Which will print something like this:

-+= 00001 root /sbin/launchd
 \-+= 11557 $USER /opt/homebrew/opt/borders/bin/borders
   \--- 11558 $USER <defunct>
-+= 00001 root /sbin/launchd
 \-+= 43271 $USER <.pnpm>/turbo-darwin-arm64@2.2.3/node_modules/turbo-darwin-arm64/bin/turbo --skip-infer daemon
   |--- 43359 $USER <defunct>
   |--- 43361 $USER <defunct>
   # and a few many hundred more
   \--- 57042 $USER <defunct>

Expected behavior

no defunct processes exist ever, as the OS will not halt these.

Actual behavior

defunct processes are left laying around.

To Reproduce

It's possible this is reproducible in these OSS repos:

I somewhat regularly have to kill the top level turbo daemon on Linux due to CPU usage -- but it's maybe possible that the reason for that is the same root reason that is causing me to observe the behavior that has resulted in me reporting this issue for MacOS.

In both cases, Linux (where I do most of my OSS) and Mac (where I do my closed-source employer-owned work), Killing the turbo daemon processes immediately makes any of my machines happier -- cleaning up defunct processes (macos) or freeing up cpu cycles (linux)

Additional context

No response

wagenet commented 1 week ago

We've seen this on other developer machines at my company as well.

chris-olszewski commented 1 week ago

If either of you could share daemon logs (turbo daemon status should display the logfile) that would be helpful.
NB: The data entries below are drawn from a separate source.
(* Suppose $p_j,p_{j'}$ (with $j<j'$, on segments $s_i,s_{i'}$ respectively) are two consecutive reflection points of $\mathrm{OPT}$ in its orientation, i.e. no other reflection point is visited between them. Then $p_j$ and $p_{j'}$ are not both left reflection points and not both right reflection points. Furthermore, if $s_i$ is to the left of $s_{i'}$, then $p_j$ is a right reflection point and $p_{j'}$ is a left reflection point (and the opposite holds if $s_{i'}$ is to the left of $s_i$).
   Context: Instance: vertical line segments $s_1,\dots,s_n$ in $\mathbb{R}^2$, each of length $1$, with pairwise distinct $x$-coordinates. A tour is a cyclic sequence of points $p_1,\dots,p_\sigma$, each on some segment, with every segment containing at least one $p_j$; the straight segments joining consecutive points are legs. $\mathrm{OPT}$ is a fixed minimum-cost tour, oriented $p_1\to p_2\to\cdots$, with no two consecutive points on the same segment (no vertical legs) and not self-crossing. A point $p_j$ of $\mathrm{OPT}$ on segment $s$ is a left (resp. right) reflection point if both of its incident legs lie in the half-plane $x\le x(s)$ (resp. $x\ge x(s)$); a reflection point is a left or right reflection point. *)

From HB Require Import structures.
From mathcomp Require Import all_boot all_order all_algebra.
From mathcomp Require Import reals.
Set Implicit Arguments. Unset Strict Implicit. Unset Printing Implicit Defensive.
Import Order.TTheory GRing.Theory Num.Theory.
Local Open Scope ring_scope.

Section Defs.
Variable R : realType.
Definition point := (R * R)%type.

Definition on_seg (n : nat) (sx sy : 'I_n -> R) (i : 'I_n) (q : point) : Prop :=
  q.1 = sx i /\ sy i <= q.2 <= sy i + 1.

Definition dist (a b : point) : R :=
  Num.sqrt ((a.1 - b.1) ^+ 2 + (a.2 - b.2) ^+ 2).

(* A tour is a (cyclic) sequence of points p_0, ..., p_(size t - 1);
   indices are taken cyclically (0-based). *)
Definition pt (t : seq point) (j : nat) : point := nth (0, 0) t (j %% size t).
Definition nxt (t : seq point) (j : nat) : point := pt t j.+1.
Definition prv (t : seq point) (j : nat) : point := pt t (j + size t).-1.

Definition is_tour (n : nat) (sx sy : 'I_n -> R) (t : seq point) : Prop :=
  (forall q, q \in t -> exists i, on_seg sx sy i q) /\
  (forall i, exists2 q, q \in t & on_seg sx sy i q).

Definition cost (t : seq point) : R :=
  \sum_(j < size t) dist (pt t j) (nxt t j).

Definition is_opt_tour (n : nat) (sx sy : 'I_n -> R) (t : seq point) : Prop :=
  is_tour sx sy t /\ forall t', is_tour sx sy t' -> cost t <= cost t'.

Definition in_leg (a b q : point) : Prop :=
  exists2 l : R, 0 <= l <= 1 &
    q = ((1 - l) * a.1 + l * b.1, (1 - l) * a.2 + l * b.2).

Definition no_vertical_legs (n : nat) (sx sy : 'I_n -> R) (t : seq point) : Prop :=
  forall j, (j < size t)%N -> forall i,
    ~ (on_seg sx sy i (pt t j) /\ on_seg sx sy i (nxt t j)).

Definition orient (a b c : point) : R :=
  (b.1 - a.1) * (c.2 - a.2) - (b.2 - a.2) * (c.1 - a.1).
Definition legs_cross (a b c d : point) : Prop :=
  orient a b c * orient a b d < 0 /\ orient c d a * orient c d b < 0.

Definition not_self_crossing (t : seq point) : Prop :=
  forall j k, (j < size t)%N -> (k < size t)%N ->
    ~ legs_cross (pt t j) (nxt t j) (pt t k) (nxt t k).

Definition left_refl (n : nat) (sx sy : 'I_n -> R) (t : seq point) (j : nat) : Prop :=
  exists i, on_seg sx sy i (pt t j) /\
    forall q, in_leg (prv t j) (pt t j) q \/ in_leg (pt t j) (nxt t j) q ->
      q.1 <= sx i.
Definition right_refl (n : nat) (sx sy : 'I_n -> R) (t : seq point) (j : nat) : Prop :=
  exists i, on_seg sx sy i (pt t j) /\
    forall q, in_leg (prv t j) (pt t j) q \/ in_leg (pt t j) (nxt t j) q ->
      sx i <= q.1.
Definition refl (n : nat) (sx sy : 'I_n -> R) (t : seq point) (j : nat) : Prop :=
  left_refl sx sy t j \/ right_refl sx sy t j.
End Defs.

From HB Require Import structures.
From mathcomp Require Import all_boot all_order all_algebra.
From mathcomp Require Import reals.
From mathcomp Require Import lra.

Set Implicit Arguments. Unset Strict Implicit. Unset Printing Implicit Defensive.
Import Order.TTheory GRing.Theory Num.Theory.
Local Open Scope ring_scope.

(* Between two consecutive reflection points the x-coordinate along the tour
   is strictly monotone: at a point that is not a reflection point the two
   incident legs leave its segment on opposite sides, so the direction of
   travel in x never changes, and the first leg is not vertical since
   distinct segments have distinct x-coordinates.  Hence if the tour leaves
   p_j to the right, it reaches p_j' from the left: p_j is a right and p_j'
   a left reflection point, and s_i lies to the left of s_i'. *)

Section Run.
Variables (R : realDomainType) (f : nat -> R) (j j' : nat).

Lemma run_increasing :
  f j < f j.+1 ->
  (forall k, (j < k < j')%N -> f k.-1 < f k -> f k < f k.+1) ->
  forall k, (j < k <= j')%N -> f k.-1 < f k /\ f j < f k.
Proof.
move=> f_jump f_pass; elim=> [|k IHk] /andP[hjk hkj'] //.
have [<-|neq_jk] := eqVneq j k; first by split.
have ltjk : (j < k)%N by rewrite ltn_neqAle neq_jk -ltnS.
have /IHk [lt_pred lt_jk] : (j < k <= j')%N by rewrite ltjk ltnW.
have lt_succ : f k < f k.+1 by apply: f_pass; rewrite ?ltjk.
by split => //; apply: lt_trans lt_succ.
Qed.

End Run.

Section Legs.
Variable R : realType.
Implicit Types a b q : point R.

Lemma in_leg_start a b : in_leg a b a.
Proof.
exists 0; first by rewrite lexx ler01.
by case: a => ? ? /=; rewrite subr0 !mul1r !mul0r !addr0.
Qed.

Lemma in_leg_end a b : in_leg a b b.
Proof.
exists 1; first by rewrite lexx ler01.
by case: b => ? ? /=; rewrite subrr !mul1r !mul0r !add0r.
Qed.

Lemma in_leg_x_le a b q s : a.1 <= s -> b.1 <= s -> in_leg a b q -> q.1 <= s.
Proof. by move=> ha hb [l /andP[l_ge0 l_le1] ->] /=; nra. Qed.

Lemma in_leg_x_ge a b q s : s <= a.1 -> s <= b.1 -> in_leg a b q -> s <= q.1.
Proof. by move=> ha hb [l /andP[l_ge0 l_le1] ->] /=; nra. Qed.

End Legs.

Section Tour.
Variables (R : realType) (n : nat) (sx sy : 'I_n -> R) (t : seq (point R)).
Hypotheses (t_tour : is_tour sx sy t) (t_nonempty : (0 < size t)%N).

Lemma prvE k : (0 < k)%N -> prv t k = pt t k.-1.
Proof. by case: k => // k _; rewrite /prv addSn /pt modnDr. Qed.

Lemma pt_on_seg k : exists i, on_seg sx sy i (pt t k).
Proof. by apply: t_tour.1; rewrite /pt mem_nth // ltn_pmod. Qed.

Lemma left_reflE k :
  left_refl sx sy t k <-> (prv t k).1 <= (pt t k).1 /\ (nxt t k).1 <= (pt t k).1.
Proof.
split=> [[i [[-> _] in_half]]|[le_prv le_nxt]].
  by split; apply: in_half; [left; apply: in_leg_start|right; apply: in_leg_end].
have [i [x_i y_i]] := pt_on_seg k.
by exists i; split=> // q; rewrite -x_i; case; apply: in_leg_x_le.
Qed.

Lemma right_reflE k :
  right_refl sx sy t k <-> (pt t k).1 <= (prv t k).1 /\ (pt t k).1 <= (nxt t k).1.
Proof.
split=> [[i [[-> _] in_half]]|[ge_prv ge_nxt]].
  by split; apply: in_half; [left; apply: in_leg_start|right; apply: in_leg_end].
have [i [x_i y_i]] := pt_on_seg k.
by exists i; split=> // q; rewrite -x_i; case; apply: in_leg_x_ge.
Qed.

Lemma not_refl_pass k : ~ refl sx sy t k ->
  ((prv t k).1 < (pt t k).1 -> (pt t k).1 < (nxt t k).1) /\
  ((pt t k).1 < (prv t k).1 -> (nxt t k).1 < (pt t k).1).
Proof.
rewrite /refl left_reflE right_reflE => not_refl.
split=> lt_prv; rewrite ltNge; apply/negP => le_nxt; apply: not_refl.
  by left; split; [apply: ltW|].
by right; split; [apply: ltW|].
Qed.

Variables j j' : nat.
Hypotheses (lt_jj' : (j < j')%N)
  (no_refl_between : forall k, (j < k)%N -> (k < j')%N -> ~ refl sx sy t k).

Lemma refl_run_up : (pt t j).1 < (pt t j.+1).1 ->
  [/\ ~ left_refl sx sy t j, ~ right_refl sx sy t j' & (pt t j).1 < (pt t j').1].
Proof.
move=> up; have j'_gt0 : (0 < j')%N by apply: leq_ltn_trans lt_jj'.
have [lt_prv lt_run] : (pt t j'.-1).1 < (pt t j').1 /\ (pt t j).1 < (pt t j').1.
  apply: (@run_increasing _ (fun k => (pt t k).1) j j' up); last by rewrite lt_jj' leqnn.
  move=> k /andP[hjk hkj']; have k_gt0 : (0 < k)%N by apply: leq_ltn_trans hjk.
  by rewrite -(prvE k_gt0); apply: (not_refl_pass (no_refl_between hjk hkj')).1.
split=> //; first by rewrite left_reflE /nxt => -[_]; rewrite leNgt up.
by rewrite right_reflE (prvE j'_gt0) => -[]; rewrite leNgt lt_prv.
Qed.

Lemma refl_run_down : (pt t j.+1).1 < (pt t j).1 ->
  [/\ ~ right_refl sx sy t j, ~ left_refl sx sy t j' & (pt t j').1 < (pt t j).1].
Proof.
move=> down; have j'_gt0 : (0 < j')%N by apply: leq_ltn_trans lt_jj'.
have [lt_prv lt_run] : - (pt t j'.-1).1 < - (pt t j').1 /\ - (pt t j).1 < - (pt t j').1.
  apply: (@run_increasing _ (fun k => - (pt t k).1) j j'); rewrite ?ltrN2 ?lt_jj' ?leqnn //.
  move=> k /andP[hjk hkj']; have k_gt0 : (0 < k)%N by apply: leq_ltn_trans hjk.
  by rewrite !ltrN2 -(prvE k_gt0); apply: (not_refl_pass (no_refl_between hjk hkj')).2.
rewrite !ltrN2 in lt_prv lt_run.
split=> //; first by rewrite right_reflE /nxt => -[_]; rewrite leNgt down.
by rewrite left_reflE (prvE j'_gt0) => -[]; rewrite leNgt lt_prv.
Qed.

End Tour.

Lemma nxt_x_neq (R : realType) (n : nat) (sx sy : 'I_n -> R) (t : seq (point R)) j :
  injective sx -> is_tour sx sy t -> no_vertical_legs sx sy t ->
  (j < size t)%N -> (pt t j).1 != (nxt t j).1.
Proof.
move=> sx_inj t_tour no_vert ltj.
have t_nonempty : (0 < size t)%N by apply: leq_ltn_trans ltj.
have [i on_i] := pt_on_seg t_tour t_nonempty j.
have [i2 on_i2] := pt_on_seg t_tour t_nonempty j.+1.
apply/eqP => eq_x; have eq_i : i = i2 by apply: sx_inj; rewrite -on_i.1 -on_i2.1.
by apply: (no_vert j ltj i); rewrite {2}eq_i.
Qed.

Theorem lemma6 (R : realType) (n : nat) (sx sy : 'I_n -> R)
  (t : seq (point R)) :
  injective sx ->
  is_opt_tour sx sy t ->
  no_vertical_legs sx sy t ->
  not_self_crossing t ->
  forall (j j' : nat) (i i' : 'I_n),
    (j < j')%N -> (j' < size t)%N ->
    on_seg sx sy i (pt t j) -> on_seg sx sy i' (pt t j') ->
    refl sx sy t j -> refl sx sy t j' ->
    (forall k, (j < k)%N -> (k < j')%N -> ~ refl sx sy t k) ->
    [/\ ~ (left_refl sx sy t j /\ left_refl sx sy t j'),
        ~ (right_refl sx sy t j /\ right_refl sx sy t j'),
        (sx i < sx i' -> right_refl sx sy t j /\ left_refl sx sy t j') &
        (sx i' < sx i -> left_refl sx sy t j /\ right_refl sx sy t j')].
Proof.
move=> sx_inj [t_tour _] no_vert _ j j' i i' lt_jj' lt_j'
  [x_i _] [x_i' _] refl_j refl_j' no_refl_between.
have lt_j : (j < size t)%N by apply: ltn_trans lt_j'.
have t_nonempty : (0 < size t)%N by apply: leq_ltn_trans lt_j.
rewrite -x_i -x_i'; rewrite /refl in refl_j refl_j'.
case: (ltrgtP (pt t j).1 (nxt t j).1) (nxt_x_neq sx_inj t_tour no_vert lt_j)
  => [up _|down _|//].
- have [not_l not_r lt_x] := refl_run_up t_tour t_nonempty lt_jj' no_refl_between up.
  by split; try tauto; move=> /lt_gtF; rewrite lt_x.
- have [not_r not_l lt_x] := refl_run_down t_tour t_nonempty lt_jj' no_refl_between down.
  by split; try tauto; move=> /lt_gtF; rewrite lt_x.
Qed.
We should not be spawning child processes from the daemon.

NullVoxPopuli commented 1 week ago

Here is what I got:

❯ pnpm turbo daemon status
# ...
✓ daemon is running
log file: <repo>/.turbo/daemon/e224a4a441d772ef-turbo.log.2024-11-19
uptime: 16m 6s 566mss
pid file: /var/folders/wk/w99lck4x7_5930c7gj65r3s40000gp/T/turbod/e224a4a441d772ef/turbod.pid
socket file: /var/folders/wk/w99lck4x7_5930c7gj65r3s40000gp/T/turbod/e224a4a441d772ef/turbod.sock
ope, big file there is a lot of text ``` There was a problem saving your comment. Your comment is too long (maximum is 65536 characters). Please try again. ``` oops 🙈 here is a file tho

output.txt

as I was poking around in here, I noticed there was a lot of activity from watchman cookies.

NullVoxPopuli commented 1 week ago

It seems this is happening nearly daily for me -- can't really pinpoint what is causing the defunct processes to show up. In Activity Monitor, I do occasionally see > 20 git processes spawn, and then go away -- maybe related? idk.